It's been almost a hundred years since it happened, but all of Tameltyne still aches with the wound. A god was slain by another god. Powerful beings thought to be immortal suddenly having to cope with thier own mortality shook the very reality with thier actions, and it all began with a single man hungry for power.

Cothus Ruudale was a mage of signifigant power. He acended to demi-godhood when he tricked the gnome into "investing" thier magics into a network of vessles, then stealing all the magic of that race for himself. The once human, now god, assumed the title of god of magic, and his power grew with his followers. Arcane magic workers come in all stripes, those with sorcerers blood, trabadours experssing magic through art and performance, and scholorly wizards; and although it was mainly wizards who followed Cothus' beliefs, many arcane magicians paid the god of magic homage. His rule was still fueled by a drive for more power and knowledge, and to that end, Cothus confronted the goddess of wisdom, Jamstiel, and demanded nothing less than the secrets to reality. Jamstiel refused, and Cothus assulted her with a poison refined by the magics of a demigod, slaying her.

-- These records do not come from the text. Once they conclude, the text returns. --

(* Fix an integer $m\ge 3$. Then $\lim_{n\to\infty}|\tau_{C_m\odot\overline{K}_n}|=\infty$.
   Context: $C_m$ is the cycle of length $m$. An edge-magic labeling of a $(p,q)$-graph $G$ (with $p$ vertices and $q$ edges) is a bijection $f:V(G)\cup E(G)\to[1,p+q]$ such that $f(x)+f(xy)+f(y)$ equals a constant (the valence) for every edge $xy$. For a graph $H$, $\tau_H$ is the set of integers that are valences of edge-magic labelings of $H$. $G\odot\overline{K}_n$ is the graph obtained from $G$ by attaching $n$ new pendant vertices to each vertex of $G$. *)

From mathcomp Require Import all_boot.
Set Implicit Arguments. Unset Strict Implicit. Unset Printing Implicit Defensive.

(* A (simple) graph is given by a finite vertex type V and an adjacency
   relation adj (assumed symmetric/irreflexive by the instances below). *)
Definition edges (V : finType) (adj : rel V) : {set {set V}} :=
  [set e : {set V} | [exists x, exists y, adj x y && (e == [set x; y])]].

Definition elt (V : finType) (adj : rel V) : finType :=
  (V + {e : {set V} | e \in edges adj})%type.

Definition edge_magic_valence (V : finType) (adj : rel V)
    (f : elt adj -> nat) (k : nat) : Prop :=
  injective f /\
  (forall d, 1 <= f d <= #|elt adj|) /\
  (forall j, 1 <= j <= #|elt adj| -> exists d, f d = j) /\
  (forall (x y : V) (exy : [set x; y] \in edges adj), adj x y ->
     f (inl x) + f (inr (exist _ [set x; y] exy)) + f (inl y) = k).

Definition in_tau (V : finType) (adj : rel V) (k : nat) : Prop :=
  exists f : elt adj -> nat, edge_magic_valence f k.

Definition tau_card_ge (V : finType) (adj : rel V) (M : nat) : Prop :=
  exists s : seq nat, uniq s /\ M <= size s /\ (forall k, k \in s -> in_tau adj k).

(* The corona C_m ⊙ \bar{K}_n: cycle vertices inl i (i < m), and pendant
   vertices inr (i, j) (j < n) attached to cycle vertex i. *)
Definition corona_vertex (m n : nat) : finType := ('I_m + ('I_m * 'I_n))%type.

Definition cycle_adj (m : nat) (i j : 'I_m) : bool :=
  (val j == (val i).+1 %% m) || (val i == (val j).+1 %% m).

Definition corona_adj (m n : nat) : rel (corona_vertex m n) :=
  fun u v =>
    match u, v with
    | inl i, inl j => cycle_adj i j
    | inl i, inr p => i == p.1
    | inr p, inl i => i == p.1
    | inr _, inr _ => false
    end.
Arguments corona_adj : clear implicits.

From mathcomp Require Import all_boot zify.
Set Implicit Arguments. Unset Strict Implicit. Unset Printing Implicit Defensive.

(* Start from an edge-magic total labeling of the cycle C_m by 0, ..., 2m-1:
   vertex labels P w and edge labels Q w with P w + Q w + P (w+1) = K; such
   labelings exist for every m >= 3.  Blow each label a up into the block of
   the n+1 labels a(n+1) + t, 1 <= t <= n+1, and index the edges of
   C_m ⊙ K_n by vertices: cycle vertex i stands for the edge {i, i+1}, the
   pendant (i, j) for its own edge.  Block P w receives the cycle vertex w-1 at
   offset rho and the n pendants of w at the remaining offsets; block Q w
   receives the edges indexed by the same vertices at the complementary offsets
   n+2-t.  Every edge then sums to (K+1)(n+1) + rho + 1 and every block is
   filled exactly once, so this is an edge-magic labeling, and the n+1 choices
   of rho give n+1 distinct valences. *)

Lemma surj_leq_card (T T' : finType) (g : T -> T') :
  (forall y, exists x, g x = y) -> #|T'| <= #|T|.
Proof.
move=> g_surj; apply: leq_trans (leq_image_card g T); apply: subset_leq_card.
by apply/subsetP => y _; have [x <-] := g_surj y; exact: image_f.
Qed.

Lemma inj_onto_interval (T : finType) (f : T -> nat) :
  injective f -> (forall x, 0 < f x <= #|T|) ->
  forall j, 0 < j <= #|T| -> exists x, f x = j.
Proof.
move=> f_inj f_range j j_range.
have ord_lt x : (f x).-1 < #|T| by have := f_range x; lia.
have ord_inj : injective (fun x => Ordinal (ord_lt x)).
  move=> x y [] fxy; apply: f_inj; have := f_range x; have := f_range y; lia.
have j_lt : j.-1 < #|T| by lia.
have /codomP [x /(congr1 val) /= fx] := inj_card_onto ord_inj (eq_leq (card_ord _)) (Ordinal j_lt).
by exists x; have := f_range x; lia.
Qed.

Lemma block_enc_inj b (c c' : nat * nat) : 0 < c.2 <= b -> 0 < c'.2 <= b ->
  c.1 * b + c.2 = c'.1 * b + c'.2 -> c = c'.
Proof.
case: c c' => [a t] [a' t'] /= t_range t'_range e.
suff ea : a = a' by rewrite ea; congr pair; move: e; rewrite ea; lia.
nia.
Qed.

Lemma edgesP (V : finType) (adj : rel V) e :
  reflect (exists x y, adj x y /\ e = [set x; y]) (e \in edges adj).
Proof.
rewrite inE; apply: (iffP existsP) => [[x /existsP[y /andP[xy_adj /eqP ->]]]|[x [y [xy_adj ->]]]].
  by exists x, y.
by exists x; apply/existsP; exists y; rewrite xy_adj eqxx.
Qed.

Definition cycle_edge_magic (m K : nat) (P Q : nat -> nat) : Prop :=
  [/\ forall w, w < m -> P w < 2 * m /\ Q w < 2 * m,
      forall w, w < m -> P w + Q w + P (w.+1 %% m) = K,
      forall w w', w < m -> w' < m -> P w = P w' -> w = w',
      forall w w', w < m -> w' < m -> Q w = Q w' -> w = w' &
      forall w w', w < m -> w' < m -> P w <> Q w'].

Ltac case_ifs := repeat (case: ifP => ?).

Definition odd_cycle_vlab (r w : nat) : nat :=
  if odd w then r.+1 + w./2 else w./2.
Definition odd_cycle_elab (r w : nat) : nat :=
  if w == r.*2 then 4 * r + 1 else 4 * r - w.

Lemma odd_cycle_edge_magic r : 0 < r ->
  cycle_edge_magic r.*2.+1 (5 * r + 1) (odd_cycle_vlab r) (odd_cycle_elab r).
Proof.
move=> r_gt0; rewrite /odd_cycle_vlab /odd_cycle_elab.
split=> [w w_lt|w w_lt|w w' w_lt w'_lt|w w' w_lt w'_lt|w w' w_lt w'_lt].
- by case_ifs; lia.
- have [->|w_ne] := eqVneq w r.*2; first by rewrite modnn /=; case_ifs; lia.
  by rewrite modn_small; [case_ifs; lia | lia].
- by case_ifs; lia.
- by case_ifs; lia.
- by case_ifs; lia.
Qed.

Definition even_cycle_vlab (p w : nat) : nat :=
  if w == 0 then 3 * p - 1
  else if w < p then (if odd w then w.+1./2 else p - 2 + w./2)
  else if w == p then (3 * p - 1)./2
  else if w == p.+1 then (3 * p - 1)./2 - 1
  else if w < p.*2.-1 then (if odd w then w.-1./2 else p - 1 + w./2)
  else 0.

Definition even_cycle_elab (p w : nat) : nat :=
  if w == 0 then 2 * p - 1
  else if w <= p - 2 then 4 * p - w
  else if w == p - 1 then (if odd p then 2 * p + 2 else 3 * p)
  else if w == p then (if odd p then 2 * p + 1 else 2 * p + 2)
  else if w == p.+1 then (if odd p then 3 * p else 2 * p + 1)
  else if w <= 2 * p - 3 then 4 * p - w
  else if w == 2 * p - 2 then 3 * p + 1
  else 2 * p.

Lemma even_cycle_edge_magic p : 3 < p ->
  cycle_edge_magic p.*2 (5 * p - 1) (even_cycle_vlab p) (even_cycle_elab p).
Proof.
move=> p_gt3; rewrite /even_cycle_vlab /even_cycle_elab.
split=> [w w_lt|w w_lt|w w' w_lt w'_lt|w w' w_lt w'_lt|w w' w_lt w'_lt].
- by case_ifs; lia.
- have [->|w_ne] := eqVneq w p.*2.-1.
    by rewrite prednK ?modnn /=; [case_ifs; lia | lia].
  by rewrite modn_small; [case_ifs; lia | lia].
- by case_ifs; lia.
- by case_ifs; lia.
- by case_ifs; lia.
Qed.

Lemma cycle4_edge_magic :
  cycle_edge_magic 4 9 (nth 0 [:: 0; 2; 1; 5]) (nth 0 [:: 7; 6; 3; 4]).
Proof.
split.
- by case=> [|[|[|[|w]]]].
- by case=> [|[|[|[|w]]]].
- by case=> [|[|[|[|w]]]]; case=> [|[|[|[|w']]]].
- by case=> [|[|[|[|w]]]]; case=> [|[|[|[|w']]]].
- by case=> [|[|[|[|w]]]]; case=> [|[|[|[|w']]]].
Qed.

Lemma cycle6_edge_magic :
  cycle_edge_magic 6 14 (nth 0 [:: 0; 4; 1; 2; 5; 6]) (nth 0 [:: 10; 9; 11; 7; 3; 8]).
Proof.
split.
- by case=> [|[|[|[|[|[|w]]]]]].
- by case=> [|[|[|[|[|[|w]]]]]].
- by case=> [|[|[|[|[|[|w]]]]]]; case=> [|[|[|[|[|[|w']]]]]].
- by case=> [|[|[|[|[|[|w]]]]]]; case=> [|[|[|[|[|[|w']]]]]].
- by case=> [|[|[|[|[|[|w]]]]]]; case=> [|[|[|[|[|[|w']]]]]].
Qed.

Lemma cycle_edge_magic_exists m : 2 < m -> exists K P Q, cycle_edge_magic m K P Q.
Proof.
move=> m_gt2; have m_eq := odd_double_half m.
case: (odd m) m_eq => /= m_eq; rewrite -m_eq; first by do 3 eexists; apply: odd_cycle_edge_magic; lia.
have [p_gt3|p_le3] := ltnP 3 m./2; first by do 3 eexists; apply: even_cycle_edge_magic.
have [->|->] : m./2 = 2 \/ m./2 = 3 by lia.
  by do 3 eexists; exact: cycle4_edge_magic.
by do 3 eexists; exact: cycle6_edge_magic.
Qed.



Definition skip (rho j : nat) : nat := if j.+1 < rho then j.+1 else j.+2.

Lemma skip_neq rho j : skip rho j != rho.
Proof. by rewrite /skip; case: ifP => ?; lia. Qed.

Lemma skip_inj rho : injective (skip rho).
Proof. by move=> j j'; rewrite /skip; do 2 case: ifP => ?; lia. Qed.

Lemma skip_range rho n j : j < n -> 0 < skip rho j <= n.+1.
Proof. by rewrite /skip; case: ifP => ?; lia. Qed.

Lemma ord_neq_succ_mod m (i : 'I_m) : 1 < m -> i != i.+1 %% m :> nat.
Proof.
move=> m_gt1; have i_lt := ltn_ord i.
have [e|?] := eqVneq i.+1 m; first by rewrite e modnn; lia.
by rewrite modn_small; lia.
Qed.



Section CoronaLabeling.

Variables (m n K : nat) (P Q : nat -> nat) (rho : nat).
Hypotheses (m_gt1 : 1 < m) (PQ_magic : cycle_edge_magic m K P Q)
  (rho_range : 0 < rho <= n.+1).

Local Notation V := (corona_vertex m n).
Local Notation adj := (corona_adj m n).

Definition block_index (v : V) : 'I_m :=
  match v with inl i => ordS i | inr (i, _) => i end.

Definition block_offset (v : V) : nat :=
  match v with inl _ => rho | inr (_, j) => skip rho j end.

Lemma block_offset_range v : 0 < block_offset v <= n.+1.
Proof. by case: v => [i|[i j]] //=; exact: skip_range. Qed.

Lemma block_inj v v' :
  block_index v = block_index v' -> block_offset v = block_offset v' -> v = v'.
Proof.
case: v => [i|[i j]]; case: v' => [i'|[i' j']] /= ei ej.
- by rewrite (ordS_inj ei).
- by move: (skip_neq rho j'); rewrite -ej eqxx.
- by move: (skip_neq rho j); rewrite ej eqxx.
- by rewrite ei (val_inj (skip_inj ej)).
Qed.

Definition elt_code (d : V + V) : nat * nat :=
  match d with
  | inl v => (P (block_index v), block_offset v)
  | inr v => (Q (block_index v), n.+2 - block_offset v)
  end.

Lemma elt_code_inj : injective elt_code.
Proof.
case: PQ_magic => _ _ P_inj Q_inj PQ_neq.
have offset_range := block_offset_range.
case=> [v|v] [v'|v'] /= [e1 e2].
- by congr inl; apply: block_inj e2; exact: val_inj (P_inj _ _ (ltn_ord _) (ltn_ord _) e1).
- by case: (PQ_neq _ _ (ltn_ord _) (ltn_ord _) e1).
- by case: (PQ_neq _ _ (ltn_ord _) (ltn_ord _) (esym e1)).
- congr inr; apply: block_inj; first exact: val_inj (Q_inj _ _ (ltn_ord _) (ltn_ord _) e1).
  by move: e2 (offset_range v) (offset_range v'); lia.
Qed.

Lemma elt_code_offset_range d : 0 < (elt_code d).2 <= n.+1.
Proof. by case: d => v /=; have := block_offset_range v; lia. Qed.

Definition elt_label (d : V + V) : nat := (elt_code d).1 * n.+1 + (elt_code d).2.

Lemma elt_label_inj : injective elt_label.
Proof.
move=> d d' /(block_enc_inj (elt_code_offset_range d) (elt_code_offset_range d')).
exact: elt_code_inj.
Qed.

Lemma elt_label_range d : 0 < elt_label d <= 2 * m * n.+1.
Proof.
case: PQ_magic => PQ_lt _ _ _ _.
case: d => [v|v]; have [P_lt Q_lt] := PQ_lt _ (ltn_ord (block_index v));
  rewrite /elt_label /=; have := block_offset_range v; nia.
Qed.

Definition edge_ends (v : V) : V * V :=
  match v with inl i => (inl i, inl (ordS i)) | inr (i, j) => (inl i, inr (i, j)) end.

Lemma edge_ends_adj v : adj (edge_ends v).1 (edge_ends v).2.
Proof. by case: v => [i|[i j]] /=; rewrite ?/cycle_adj eqxx. Qed.

Lemma adj_edge_ends x y : adj x y ->
  exists v, [set x; y] = [set (edge_ends v).1; (edge_ends v).2].
Proof.
case: x => [i|[i j]]; case: y => [i'|[i' j']] //=.
- case/orP=> /eqP e.
    by exists (inl i); rewrite (_ : i' = ordS i) //; apply: val_inj.
  by exists (inl i'); rewrite setUC (_ : i = ordS i') //; apply: val_inj.
- by move/eqP->; exists (inr (i', j')).
- by move/eqP->; exists (inr (i, j)); rewrite setUC.
Qed.

Definition valence : nat := K * n.+1 + rho + n.+2.

Lemma edge_ends_magic v :
  elt_label (inl (edge_ends v).1) + elt_label (inr v) + elt_label (inl (edge_ends v).2)
  = valence.
Proof.
case: PQ_magic => _ PQ_sum _ _ _.
rewrite /elt_label /valence -(PQ_sum _ (ltn_ord (block_index v))) !mulnDl.
case: v => [i|[i j]] /=; first lia.
by have := skip_range rho (ltn_ord j); lia.
Qed.

Lemma adj_neq x y : adj x y -> x != y.
Proof.
case: x => [i|[i j]]; case: y => [i'|[i' j']] //= x_adj.
apply/eqP=> -[ii']; move: x_adj; rewrite /cycle_adj -ii' orbb.
by rewrite (negPf (ord_neq_succ_mod i m_gt1)).
Qed.

Lemma sum_edge_ends v :
  \sum_(u in [set (edge_ends v).1; (edge_ends v).2]) elt_label (inl u)
  = elt_label (inl (edge_ends v).1) + elt_label (inl (edge_ends v).2).
Proof. by rewrite big_setU1 ?big_set1 // in_set1 adj_neq // edge_ends_adj. Qed.

(* The edge labels are forced by magicness; [corona_label_elt_of] shows that
   they are the block labels of the edges. *)
Definition corona_label (d : elt adj) : nat :=
  match d with
  | inl v => elt_label (inl v)
  | inr e => valence - \sum_(u in val e) elt_label (inl u)
  end.

Lemma edge_ends_edge v : [set (edge_ends v).1; (edge_ends v).2] \in edges adj.
Proof. by apply/edgesP; do 2 eexists; split; first exact: edge_ends_adj. Qed.

Definition elt_of (d : V + V) : elt adj :=
  match d with
  | inl v => inl v
  | inr v => inr (exist (fun e => e \in edges adj) _ (edge_ends_edge v))
  end.

Lemma corona_label_elt_of d : corona_label (elt_of d) = elt_label d.
Proof.
by case: d => [v|v] //=; rewrite sum_edge_ends -(edge_ends_magic v) addnAC addKn.
Qed.

Lemma elt_of_inj : injective elt_of.
Proof.
by move=> d d' /(congr1 corona_label); rewrite !corona_label_elt_of => /elt_label_inj.
Qed.

Lemma elt_of_surj e : exists d, elt_of d = e.
Proof.
case: e => [v|[e e_edge]]; first by exists (inl v).
have /edgesP[x [y [xy_adj e_xy]]] := e_edge.
have [v xy_ends] := adj_edge_ends xy_adj.
by exists (inr v); congr inr; apply: val_inj; rewrite /= e_xy xy_ends.
Qed.

Lemma card_corona_elt : #|elt adj| = 2 * m * n.+1.
Proof.
have -> : 2 * m * n.+1 = #|{: V + V}|.
  by rewrite card_sum card_sum card_prod !card_ord; lia.
apply/eqP; rewrite eqn_leq (surj_leq_card elt_of_surj).
exact: leq_card elt_of_inj.
Qed.

Lemma corona_label_inj : injective corona_label.
Proof.
move=> e e'; have [d <-] := elt_of_surj e; have [d' <-] := elt_of_surj e'.
by rewrite !corona_label_elt_of => /elt_label_inj ->.
Qed.

Lemma corona_label_range e : 0 < corona_label e <= #|elt adj|.
Proof.
by have [d <-] := elt_of_surj e; rewrite corona_label_elt_of card_corona_elt elt_label_range.
Qed.

Lemma corona_label_edge x y (xy_edge : [set x; y] \in edges adj) : adj x y ->
  corona_label (inl x) + corona_label (inr (exist _ [set x; y] xy_edge)) + corona_label (inl y)
  = valence.
Proof.
move=> xy_adj; have [v xy_ends] := adj_edge_ends xy_adj.
have sum_xy : \sum_(u in [set x; y]) elt_label (inl u) = elt_label (inl x) + elt_label (inl y).
  by rewrite big_setU1 ?big_set1 // in_set1 adj_neq.
have le_valence : \sum_(u in [set x; y]) elt_label (inl u) <= valence.
  by rewrite xy_ends sum_edge_ends -(edge_ends_magic v) addnAC leq_addr.
by rewrite /= sum_xy in le_valence *; rewrite addnAC subnKC.
Qed.

Lemma valence_in_tau : in_tau adj valence.
Proof.
exists corona_label; split; first exact: corona_label_inj.
split; first exact: corona_label_range.
split; first exact: inj_onto_interval corona_label_inj corona_label_range.
exact: corona_label_edge.
Qed.
End CoronaLabeling.

Theorem mainTheorem5 (m : nat) (hm : 3 <= m) :
  forall M : nat, exists N : nat, forall n : nat, N <= n ->
    tau_card_ge (corona_adj m n) M.
Proof.
move=> M; have [K [P [Q PQ_magic]]] := cycle_edge_magic_exists hm.
exists M => n M_le_n.
exists [seq valence n K rho | rho <- iota 1 M]; split; last split.
- by rewrite map_inj_uniq ?iota_uniq // => rho rho'; rewrite /valence; lia.
- by rewrite size_map size_iota.
- move=> k /mapP[rho]; rewrite mem_iota => rho_range ->.
  by apply: valence_in_tau PQ_magic _; lia.
Qed.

King of the gods, at least among humans, Aedelor sought revenge on Cothus for slaying his wife. Even in his rage, Aedelor saw that the death of another god, even one who fabricated his own godhood, would further tear the world apart, so rather than slay him in kind, he banished Cothus from the world, then turned his gaze to magicians of the world that supplied Cothus with the power used to kill his wife. Aedelor led, in spirit and form, a war on magic. The human god of war, Mord, led these battles as well, seeking a release for his own pain in the conficts against mages. The war lasted over fifty years before Aedelor saw that any mage that had actually been able to help Cothus was almost surely dead, and Mord's drive for battle was more an expression of his pain than an actual war that needed to be fought still. Aedelor and Mord returned to the heavens, and while Mord does not stop his followers from hunting mages, the war is over.

While the wizards had access to less power, they were far from powerless, and as many fought as fled with the aid of magic, to hide from wrath of gods bent on erasing every blight of the power that was used to slay a god. Secret societies found thier roots in these times. While there were allegations of some societies before, now such an organisation might be the only key to survival. Groups formed like the Harpers, bards who still remember how to cast magic without song, and the Rovers, wanderers that roam the land observing those in power for signs of evil, to keep a tragedy from happening again.

The human pantheon was the hardest hit by these crimes, one god dead and another banished, but all the gods felt the loss of one of thier own. Magic from other races suffered during the war as well. The gnomes had already lost all thier magic from Cothus' tretchery, and many are still bitter Aedelor didn't restore thier power to them before his banishment. The elves of Tameltyne came from across the sea, exiles from thier own land because they did not have the ability to use magic. Dwarves had not had magic from time out of memory, although a dwarf would tell you the craftmenship of thier work is true dwarf magic. While the halflings had magic of thier own, during the time of the war, their god of spite and hunger known as Skyfire got a taste of magic and proceeded to draw it out of the halflings that possessed arcane ability, leaving the race devoid of magicians.

While no Orcs wander the lands of Tameltyne, its northern snowy lands are home to Wantlermenn. Similar to humans in apperance, they are a larger breed, of powerful build and limited negotiating ability. They have strong bloodlines and blood ties, and while shocks of red, black, and blond hair can be seen throughout their clans, there are no brown haired Wantlermenn, as that clan was wiped out in ages old feuds for using thier magic to doubledeal against the other clans and failing. Aside from thier build, a Wantlerman is easiest to tell apart from a human by thier affection for leather and hide appearal, and adorning seemingly everything with horns. Even thier desert pastry rolls have small sugar crystal antlers on them.